Records supplied below:

(* For $n\ge3$: $\mathrm{St}(\mathfrak a_0(n))=\{I,X\}^{\otimes n}\cup\{Y,Z\}^{\otimes n}$; $\mathrm{St}(\mathfrak a_2(n))=\{P_I,P_{XY},P_{YX},P_Z\}$; $\mathrm{St}(\mathfrak a_3(n))=\mathrm{St}(\mathfrak a_6(n))=\{P_I,P_X,P_{YZ},P_{ZY}\}$; $\mathrm{St}(\mathfrak a_4(n))=\mathrm{St}(\mathfrak a_7(n))=\{P_I,P_X,P_Y,P_Z\}$; $\mathrm{St}(\mathfrak a_5(n))=\mathrm{St}(\mathfrak a_{10}(n))=\{P_I,P_{XYZ},P_{YZX},P_{ZXY}\}$; $\mathrm{St}(\mathfrak a_8(n))=\{P_I,P_Y,X_1,ZY\cdots Y\}$ (the last being $Z$ followed by $n-1$ copies of $Y$); $\mathrm{St}(\mathfrak a_9(n))=\{P_I,X_1,Y_1X_2,Z_1X_2\}$; $\mathrm{St}(\mathfrak a_{13}(n))=\mathrm{St}(\mathfrak a_{20}(n))=\{P_I,P_X\}$; $\mathrm{St}(\mathfrak a_{14}(n))=\{P_I,P_Z\}$; $\mathrm{St}(\mathfrak a_{15}(n))=\mathrm{St}(\mathfrak b_2(n))=\mathrm{St}(\mathfrak b_4(n))=\{P_I,X_1\}$; $\mathrm{St}(\mathfrak b_0(n))=\mathrm{St}(\mathfrak b_1(n))=\{I,X\}^{\otimes n}$; $\mathrm{St}(\mathfrak a_k(n))=\mathrm{St}(\mathfrak b_3(n))=\{P_I\}$ for $k\in\{11,12,16,17,18,19,21,22\}$.
   Context: Pauli matrices $I,X,Y,Z$; $\mathcal P_n$ is the set of length-$n$ Pauli strings $A^1\otimes\cdots\otimes A^n$, $A^j\in\{I,X,Y,Z\}$. $A_j$ denotes $A$ at position $j$ and $I$ elsewhere; $A_iB_j$ the string with $A$ at $i$, $B$ at $j$, $I$ elsewhere. For a word $w$ over $\{I,X,Y,Z\}$, $P_w\in\mathcal P_n$ is the periodic repetition $www\cdots$ truncated to length $n$ (e.g. $P_I=I^{\otimes n}$, $P_X=X^{\otimes n}$, $P_{YZ}=YZYZ\cdots$). The stabilizer $\mathrm{St}(\mathfrak s)$ of a set $\mathfrak s$ of matrices is the set of all $P\in\mathcal P_n$ commuting with every element of $\mathfrak s$. For a set $S$ of Pauli strings, $\mathrm{Lie}\langle S\rangle$ is the smallest real Lie subalgebra of $\mathfrak u(2^n)$ containing $\{iP:P\in S\}$; for a set $G$ of two-qubit strings, $G(n)=\mathrm{Lie}\langle A_jB_{j+1}: AB\in G,1\le j\le n-1\rangle$. Generating sets: $\mathfrak a_0=\{XX\}$, $\mathfrak a_2=\{XY,YX\}$, $\mathfrak a_3=\{XX,YZ\}$, $\mathfrak a_4=\{XX,YY\}$, $\mathfrak a_5=\{XY,YZ\}$, $\mathfrak a_6=\{XX,YZ,ZY\}$, $\mathfrak a_7=\{XX,YY,ZZ\}$, $\mathfrak a_8=\{XX,XZ\}$, $\mathfrak a_9=\{XY,XZ\}$, $\mathfrak a_{10}=\{XY,YZ,ZX\}$, $\mathfrak a_{11}=\{XY,YX,YZ\}$, $\mathfrak a_{12}=\{XX,XY,YZ\}$, $\mathfrak a_{13}=\{XX,YY,YZ\}$, $\mathfrak a_{14}=\{XX,YY,XY\}$, $\mathfrak a_{15}=\{XX,XY,XZ\}$, $\mathfrak a_{16}=\{XY,YX,YZ,ZY\}$, $\mathfrak a_{17}=\{XX,XY,ZX\}$, $\mathfrak a_{18}=\{XX,XZ,YY,ZY\}$, $\mathfrak a_{19}=\{XX,XY,ZX,YZ\}$, $\mathfrak a_{20}=\{XX,YY,ZZ,ZY\}$, $\mathfrak a_{21}=\{XX,YY,XY,ZX\}$, $\mathfrak a_{22}=\{XX,XY,XZ,YX\}$, $\mathfrak b_0=\{XI,IX\}$, $\mathfrak b_1=\{XX,XI,IX\}$, $\mathfrak b_2=\{XY,XI,IX\}$, $\mathfrak b_3=\{XI,YI,IX,IY\}$, $\mathfrak b_4=\{XX,XY,XI,IX\}$. *)

From HB Require Import structures.
From mathcomp Require Import all_boot all_order all_algebra all_field.
Set Implicit Arguments. Unset Strict Implicit. Unset Printing Implicit Defensive.
Import Order.TTheory GRing.Theory Num.Theory.
Local Open Scope ring_scope.

Inductive pauli := pI | pX | pY | pZ.

Definition pauli_code (p : pauli) : 'I_4 :=
  match p with pI => inord 0 | pX => inord 1 | pY => inord 2 | pZ => inord 3 end.
Definition pauli_decode (i : 'I_4) : pauli :=
  match val i with 0 => pI | 1 => pX | 2 => pY | _ => pZ end%N.
Lemma pauli_codeK : cancel pauli_code pauli_decode.
Proof. by case; rewrite /pauli_decode /= inordK. Qed.
HB.instance Definition _ := Finite.copy pauli (can_type pauli_codeK).

Definition pstring (n : nat) := 'I_n -> pauli.

(* Single-qubit Pauli matrices, entries indexed by (row bit, column bit). *)
Definition pmat (p : pauli) (a b : bool) : algC :=
  match p with
  | pI => if a == b then 1 else 0
  | pX => if a == b then 0 else 1
  | pY => if a == b then 0 else (if a then 'i else - 'i)
  | pZ => if a == b then (if a then -1 else 1) else 0
  end.

Definition qbit (i k : nat) : bool := odd (i %/ 2 ^ k).

(* The 2^n x 2^n matrix A^1 (x) ... (x) A^n (qubit k <-> bit k of the index). *)
Definition pmx n (P : pstring n) : 'M[algC]_(2 ^ n) :=
  \matrix_(i, j) \prod_(k < n) pmat (P k) (qbit i k) (qbit j k).

Definition skew_herm N (A : 'M[algC]_N) : Prop := (map_mx Num.conj A)^T = - A.

Definition lie_subalg N (L : 'M[algC]_N -> Prop) : Prop :=
  [/\ (forall A, L A -> skew_herm A),
      L 0,
      (forall A B, L A -> L B -> L (A + B)),
      (forall (r : algC) A, r \is Num.real -> L A -> L (r *: A))
    & (forall A B, L A -> L B -> L (A *m B - B *m A))].

(* Lie<S>: the smallest real Lie subalgebra of u(2^n) containing iP, P in S. *)
Definition inLie n (S : pstring n -> Prop) (M : 'M[algC]_(2 ^ n)) : Prop :=
  forall L, lie_subalg L -> (forall P, S P -> L ('i *: pmx P)) -> L M.

Definition St n (s : 'M[algC]_(2 ^ n) -> Prop) (P : pstring n) : Prop :=
  forall M, s M -> pmx P *m M = M *m pmx P.

(* Generators A_j B_{j+1}, AB in G, 1 <= j <= n-1 (0-based: j.+1 < n). *)
Definition gen_set n (G : seq (pauli * pauli)) (P : pstring n) : Prop :=
  exists A B (j : nat), (A, B) \in G /\ (j.+1 < n)%N /\
    forall k : 'I_n, P k = (if val k == j then A
                            else if val k == j.+1 then B else pI).

Definition Gn (G : seq (pauli * pauli)) n : 'M[algC]_(2 ^ n) -> Prop :=
  inLie (@gen_set n G).
Arguments Gn G n : clear implicits.

Definition isPw n (w : seq pauli) (P : pstring n) : Prop :=
  forall k : 'I_n, P k = nth pI w (k %% size w).

Definition letters_in n (A : seq pauli) (P : pstring n) : Prop :=
  forall k : 'I_n, P k \in A.

(* P agrees with the explicit word w (I-padded): e.g. X_1 = [:: pX], Y_1X_2 = [:: pY; pX]. *)
Definition isWord n (w : seq pauli) (P : pstring n) : Prop :=
  forall k : 'I_n, P k = nth pI w k.

Definition isZYY n (P : pstring n) : Prop :=
  forall k : 'I_n, P k = (if val k == 0%N then pZ else pY).

Definition a0  := [:: (pX,pX)].
Definition a2  := [:: (pX,pY); (pY,pX)].
Definition a3  := [:: (pX,pX); (pY,pZ)].
Definition a4  := [:: (pX,pX); (pY,pY)].
Definition a5  := [:: (pX,pY); (pY,pZ)].
Definition a6  := [:: (pX,pX); (pY,pZ); (pZ,pY)].
Definition a7  := [:: (pX,pX); (pY,pY); (pZ,pZ)].
Definition a8  := [:: (pX,pX); (pX,pZ)].
Definition a9  := [:: (pX,pY); (pX,pZ)].
Definition a10 := [:: (pX,pY); (pY,pZ); (pZ,pX)].
Definition a11 := [:: (pX,pY); (pY,pX); (pY,pZ)].
Definition a12 := [:: (pX,pX); (pX,pY); (pY,pZ)].
Definition a13 := [:: (pX,pX); (pY,pY); (pY,pZ)].
Definition a14 := [:: (pX,pX); (pY,pY); (pX,pY)].
Definition a15 := [:: (pX,pX); (pX,pY); (pX,pZ)].
Definition a16 := [:: (pX,pY); (pY,pX); (pY,pZ); (pZ,pY)].
Definition a17 := [:: (pX,pX); (pX,pY); (pZ,pX)].
Definition a18 := [:: (pX,pX); (pX,pZ); (pY,pY); (pZ,pY)].
Definition a19 := [:: (pX,pX); (pX,pY); (pZ,pX); (pY,pZ)].
Definition a20 := [:: (pX,pX); (pY,pY); (pZ,pZ); (pZ,pY)].
Definition a21 := [:: (pX,pX); (pY,pY); (pX,pY); (pZ,pX)].
Definition a22 := [:: (pX,pX); (pX,pY); (pX,pZ); (pY,pX)].
Definition b0  := [:: (pX,pI); (pI,pX)].
Definition b1  := [:: (pX,pX); (pX,pI); (pI,pX)].
Definition b2  := [:: (pX,pY); (pX,pI); (pI,pX)].
Definition b3  := [:: (pX,pI); (pY,pI); (pI,pX); (pI,pY)].
Definition b4  := [:: (pX,pX); (pX,pY); (pX,pI); (pI,pX)].

(* A Pauli string squares to the identity and commutes or anticommutes with
   another one according to the parity of the number of positions where their
   letters anticommute.  Since the centralizer of a matrix in u(2^n) is a Lie
   subalgebra, P stabilizes G(n) iff it commutes with every generator A_j B_(j+1),
   which is a condition on each pair of consecutive letters of P: they must be
   related by a "transfer" relation determined by G.  Except for a0, b0 and b1
   this relation is functional, so a stabilizer is determined by its first
   letter, and each letter either starts an explicit eventually periodic
   infinite walk or starts no walk of length 3; both facts are checked by
   evaluation. *)

From HB Require Import structures.
From mathcomp Require Import all_boot all_order all_algebra all_field.
From mathcomp Require Import ring.
Set Implicit Arguments. Unset Strict Implicit. Unset Printing Implicit Defensive.
Import Order.TTheory GRing.Theory Num.Theory.
Local Open Scope ring_scope.

Definition anticomm (a b : pauli) : bool :=
  match a, b with
  | pI, _ | _, pI | pX, pX | pY, pY | pZ, pZ => false
  | _, _ => true
  end.

Lemma anticomm0 a : anticomm a pI = false. Proof. by case: a. Qed.

Definition pmat_mul (a b : pauli) (x y : bool) : algC :=
  pmat a x false * pmat b false y + pmat a x true * pmat b true y.

Lemma pmat_mulC a b x y :
  pmat_mul a b x y = (-1) ^+ anticomm a b * pmat_mul b a x y.
Proof. by case: a; case: b; case: x; case: y; rewrite /pmat_mul /=; ring. Qed.

Lemma pmat_mulss a x y : pmat_mul a a x y = (x == y)%:R.
Proof.
by case: a; case: x; case: y; rewrite /pmat_mul /= ?mulrN ?mulNr ?mulCii ?opprK; ring.
Qed.

Lemma qbit0 i : qbit i 0 = odd i.
Proof. by rewrite /qbit expn0 divn1. Qed.

Lemma qbitS i k : qbit i k.+1 = qbit i./2 k.
Proof. by rewrite /qbit expnS divnMA divn2. Qed.

(* Entries of [pmx] and of products of two [pmx], indexed by [nat] so that
   induction on [n] can peel off qubit 0, the lowest bit of the index. *)
Definition tensor_entry n (p : nat -> pauli) (i j : nat) : algC :=
  \prod_(k < n) pmat (p k) (qbit i k) (qbit j k).

Definition tensor_mul_entry n (p q : nat -> pauli) (i j : nat) : algC :=
  \sum_(l < 2 ^ n) tensor_entry n p i l * tensor_entry n q l j.

Lemma tensor_entryS n p i j : tensor_entry n.+1 p i j =
  pmat (p 0%N) (odd i) (odd j) * tensor_entry n (p \o succn) i./2 j./2.
Proof.
rewrite /tensor_entry big_ord_recl !qbit0; congr (_ * _).
by apply: eq_bigr => k _; rewrite /= !qbitS.
Qed.

Lemma sum_double (F : nat -> algC) m :
  \sum_(l < 2 * m) F l = \sum_(l < m) (F l.*2 + F l.*2.+1).
Proof.
rewrite -(big_mkord xpredT F) -(big_mkord xpredT (fun l => F l.*2 + F l.*2.+1)).
elim: m => [|m IH]; first by rewrite muln0 !big_nil.
by rewrite mulnS !big_nat_recr //= IH -mul2n addrA.
Qed.

Lemma tensor_mul_entryS n p q i j : tensor_mul_entry n.+1 p q i j =
  pmat_mul (p 0%N) (q 0%N) (odd i) (odd j) *
  tensor_mul_entry n (p \o succn) (q \o succn) i./2 j./2.
Proof.
rewrite /tensor_mul_entry expnS.
rewrite (sum_double (fun l => tensor_entry n.+1 p i l * tensor_entry n.+1 q l j)).
rewrite /pmat_mul mulr_sumr.
apply: eq_bigr => l _; rewrite !tensor_entryS /= odd_double doubleK uphalf_double.
ring.
Qed.

Lemma tensor_mul_entryC n p q i j : tensor_mul_entry n p q i j =
  (-1) ^+ (\sum_(k < n) anticomm (p k) (q k))%N * tensor_mul_entry n q p i j.
Proof.
elim: n p q i j => [|n IH] p q i j.
  by rewrite big_ord0 mul1r /tensor_mul_entry /tensor_entry !big_ord1 !big_ord0.
rewrite !tensor_mul_entryS IH pmat_mulC big_ord_recl exprD.
by rewrite -!mulrA; congr (_ * _); exact: mulrCA.
Qed.

Lemma tensor_mul_entryss n p i j : (i < 2 ^ n)%N -> (j < 2 ^ n)%N ->
  tensor_mul_entry n p p i j = (i == j)%:R.
Proof.
elim: n p i j => [|n IH] p i j.
  rewrite expn0 !ltnS !leqn0 => /eqP-> /eqP->.
  by rewrite /tensor_mul_entry /tensor_entry big_ord1 !big_ord0 mul1r.
rewrite expnS !mul2n -!ltn_half_double => hi hj.
rewrite tensor_mul_entryS pmat_mulss IH // -natrM mulnb.
congr (nat_of_bool _)%:R; apply/idP/eqP => [/andP[/eqP hodd /eqP hhalf]|-> ].
  by rewrite -(odd_double_half i) hodd hhalf odd_double_half.
by rewrite !eqxx.
Qed.

(* Letter [k] of [P], with [I] beyond the end of the string. *)
Definition letter n (P : pstring n) (k : nat) : pauli :=
  if insub k is Some i then P i else pI.

Lemma letterE n (P : pstring n) (i : 'I_n) : letter P i = P i.
Proof. by rewrite /letter valK. Qed.

Definition anticomm_count n (P Q : pstring n) : nat := (\sum_(k < n) anticomm (P k) (Q k))%N.

Lemma pmxE n (P : pstring n) (i j : 'I_(2 ^ n)) : pmx P i j = tensor_entry n (letter P) i j.
Proof. by rewrite mxE; apply: eq_bigr => k _; rewrite letterE. Qed.

Lemma pmx_mulE n (P Q : pstring n) (i j : 'I_(2 ^ n)) :
  (pmx P *m pmx Q) i j = tensor_mul_entry n (letter P) (letter Q) i j.
Proof. by rewrite mxE; apply: eq_bigr => l _; rewrite !pmxE. Qed.

Lemma pmx_mulC n (P Q : pstring n) :
  pmx P *m pmx Q = (-1) ^+ anticomm_count P Q *: (pmx Q *m pmx P).
Proof.
apply/matrixP => i j; rewrite [RHS]mxE !pmx_mulE tensor_mul_entryC.
by congr (_ ^+ _ * _); apply: eq_bigr => k _; rewrite !letterE.
Qed.

Lemma pmx_mulss n (P : pstring n) : pmx P *m pmx P = 1%:M.
Proof. by apply/matrixP => i j; rewrite pmx_mulE tensor_mul_entryss // mxE. Qed.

End of Records supplied.

● Work task:
Search the entries above for the string "determined". Copy each line that holds it.

● Output for this exercise:
   related by a "transfer" relation determined by G.  Except for a0, b0 and b1
   this relation is functional, so a stabilizer is determined by its first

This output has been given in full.